Below are the entries. Transcribe exactly the lines from the one with "grading_pair addA zA leA leB actB RA NB ->" through the one with "have -> : Psi", ends included, and leave out all others.
☆ ☆ ☆
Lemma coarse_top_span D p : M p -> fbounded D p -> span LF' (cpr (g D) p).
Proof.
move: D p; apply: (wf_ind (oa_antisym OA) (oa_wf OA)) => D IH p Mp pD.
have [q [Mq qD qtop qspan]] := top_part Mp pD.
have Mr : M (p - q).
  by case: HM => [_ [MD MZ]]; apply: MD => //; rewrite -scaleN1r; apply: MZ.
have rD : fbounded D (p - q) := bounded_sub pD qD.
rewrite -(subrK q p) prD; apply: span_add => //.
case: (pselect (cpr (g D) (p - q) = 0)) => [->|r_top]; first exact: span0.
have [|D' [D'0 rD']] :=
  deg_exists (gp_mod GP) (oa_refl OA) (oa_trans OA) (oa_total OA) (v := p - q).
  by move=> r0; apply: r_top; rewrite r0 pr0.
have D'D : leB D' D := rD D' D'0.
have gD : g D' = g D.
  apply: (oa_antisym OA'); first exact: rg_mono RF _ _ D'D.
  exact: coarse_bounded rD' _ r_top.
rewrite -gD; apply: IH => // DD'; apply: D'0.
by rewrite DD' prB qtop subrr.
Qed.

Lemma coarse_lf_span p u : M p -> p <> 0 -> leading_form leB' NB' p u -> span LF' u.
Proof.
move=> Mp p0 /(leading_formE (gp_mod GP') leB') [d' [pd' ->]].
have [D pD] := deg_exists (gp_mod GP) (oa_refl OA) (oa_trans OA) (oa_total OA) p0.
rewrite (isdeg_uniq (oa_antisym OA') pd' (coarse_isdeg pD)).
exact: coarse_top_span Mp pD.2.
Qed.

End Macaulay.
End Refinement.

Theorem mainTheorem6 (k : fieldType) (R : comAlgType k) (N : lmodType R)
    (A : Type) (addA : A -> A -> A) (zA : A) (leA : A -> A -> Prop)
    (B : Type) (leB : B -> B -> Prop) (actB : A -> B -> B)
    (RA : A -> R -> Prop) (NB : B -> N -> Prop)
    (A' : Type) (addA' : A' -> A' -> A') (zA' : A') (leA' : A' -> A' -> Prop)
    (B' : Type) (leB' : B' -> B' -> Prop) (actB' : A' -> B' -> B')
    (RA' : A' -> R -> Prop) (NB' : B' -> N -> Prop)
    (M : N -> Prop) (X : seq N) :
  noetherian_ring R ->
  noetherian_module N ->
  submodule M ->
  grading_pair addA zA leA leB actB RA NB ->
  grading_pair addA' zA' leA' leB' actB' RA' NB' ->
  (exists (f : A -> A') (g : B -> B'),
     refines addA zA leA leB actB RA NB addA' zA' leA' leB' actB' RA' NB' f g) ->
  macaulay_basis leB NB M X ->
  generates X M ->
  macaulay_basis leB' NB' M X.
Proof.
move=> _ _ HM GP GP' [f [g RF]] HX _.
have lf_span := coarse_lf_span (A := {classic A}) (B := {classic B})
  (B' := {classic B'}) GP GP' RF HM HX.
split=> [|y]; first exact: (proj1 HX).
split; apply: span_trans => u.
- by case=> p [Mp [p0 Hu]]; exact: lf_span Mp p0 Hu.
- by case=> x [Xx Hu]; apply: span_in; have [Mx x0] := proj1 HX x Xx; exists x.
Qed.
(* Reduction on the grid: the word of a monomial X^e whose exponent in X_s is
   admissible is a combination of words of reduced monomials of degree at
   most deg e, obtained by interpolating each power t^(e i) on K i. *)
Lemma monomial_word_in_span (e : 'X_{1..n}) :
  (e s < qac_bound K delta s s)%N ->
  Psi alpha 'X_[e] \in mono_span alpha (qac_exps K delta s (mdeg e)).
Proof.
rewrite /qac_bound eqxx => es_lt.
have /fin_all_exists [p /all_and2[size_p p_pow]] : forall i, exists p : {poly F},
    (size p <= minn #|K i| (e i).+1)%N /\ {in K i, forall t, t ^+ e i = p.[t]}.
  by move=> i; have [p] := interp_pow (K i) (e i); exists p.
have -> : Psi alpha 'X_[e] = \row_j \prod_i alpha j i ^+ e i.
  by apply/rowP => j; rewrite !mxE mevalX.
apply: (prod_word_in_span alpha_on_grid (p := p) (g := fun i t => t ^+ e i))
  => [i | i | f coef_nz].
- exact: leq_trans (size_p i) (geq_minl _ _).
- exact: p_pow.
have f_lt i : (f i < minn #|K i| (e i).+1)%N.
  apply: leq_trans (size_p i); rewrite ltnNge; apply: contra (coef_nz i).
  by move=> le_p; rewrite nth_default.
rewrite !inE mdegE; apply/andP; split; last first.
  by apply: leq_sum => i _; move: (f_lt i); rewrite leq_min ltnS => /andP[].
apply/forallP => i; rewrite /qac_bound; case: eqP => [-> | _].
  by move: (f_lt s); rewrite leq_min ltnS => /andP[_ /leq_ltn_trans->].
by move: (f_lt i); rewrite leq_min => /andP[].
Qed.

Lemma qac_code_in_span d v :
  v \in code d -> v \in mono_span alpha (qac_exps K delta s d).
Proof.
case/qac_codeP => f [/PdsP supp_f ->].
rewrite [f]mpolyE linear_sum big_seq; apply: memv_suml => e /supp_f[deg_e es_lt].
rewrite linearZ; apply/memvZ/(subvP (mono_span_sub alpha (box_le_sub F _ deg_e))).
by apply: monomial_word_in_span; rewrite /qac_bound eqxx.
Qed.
☆ ☆ ☆
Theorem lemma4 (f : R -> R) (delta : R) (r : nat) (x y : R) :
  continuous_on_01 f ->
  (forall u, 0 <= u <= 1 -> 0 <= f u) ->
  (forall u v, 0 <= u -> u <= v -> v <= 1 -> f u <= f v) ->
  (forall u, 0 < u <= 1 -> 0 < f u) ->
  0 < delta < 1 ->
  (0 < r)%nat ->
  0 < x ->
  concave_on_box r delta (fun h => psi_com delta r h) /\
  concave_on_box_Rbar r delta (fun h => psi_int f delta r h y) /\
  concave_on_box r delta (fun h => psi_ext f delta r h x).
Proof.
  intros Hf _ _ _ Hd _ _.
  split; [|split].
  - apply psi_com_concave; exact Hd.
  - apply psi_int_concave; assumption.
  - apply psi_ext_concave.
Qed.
☆ ☆ ☆
### YOUR RESPONSE:
  grading_pair addA zA leA leB actB RA NB ->
  grading_pair addA' zA' leA' leB' actB' RA' NB' ->
  (exists (f : A -> A') (g : B -> B'),
     refines addA zA leA leB actB RA NB addA' zA' leA' leB' actB' RA' NB' f g) ->
  macaulay_basis leB NB M X ->
  generates X M ->
  macaulay_basis leB' NB' M X.
Proof.
move=> _ _ HM GP GP' [f [g RF]] HX _.
have lf_span := coarse_lf_span (A := {classic A}) (B := {classic B})
  (B' := {classic B'}) GP GP' RF HM HX.
split=> [|y]; first exact: (proj1 HX).
split; apply: span_trans => u.
- by case=> p [Mp [p0 Hu]]; exact: lf_span Mp p0 Hu.
- by case=> x [Xx Hu]; apply: span_in; have [Mx x0] := proj1 HX x Xx; exists x.
Qed.
(* Reduction on the grid: the word of a monomial X^e whose exponent in X_s is
   admissible is a combination of words of reduced monomials of degree at
   most deg e, obtained by interpolating each power t^(e i) on K i. *)
Lemma monomial_word_in_span (e : 'X_{1..n}) :
  (e s < qac_bound K delta s s)%N ->
  Psi alpha 'X_[e] \in mono_span alpha (qac_exps K delta s (mdeg e)).
Proof.
rewrite /qac_bound eqxx => es_lt.
have /fin_all_exists [p /all_and2[size_p p_pow]] : forall i, exists p : {poly F},
    (size p <= minn #|K i| (e i).+1)%N /\ {in K i, forall t, t ^+ e i = p.[t]}.
  by move=> i; have [p] := interp_pow (K i) (e i); exists p.
have -> : Psi alpha 'X_[e] = \row_j \prod_i alpha j i ^+ e i.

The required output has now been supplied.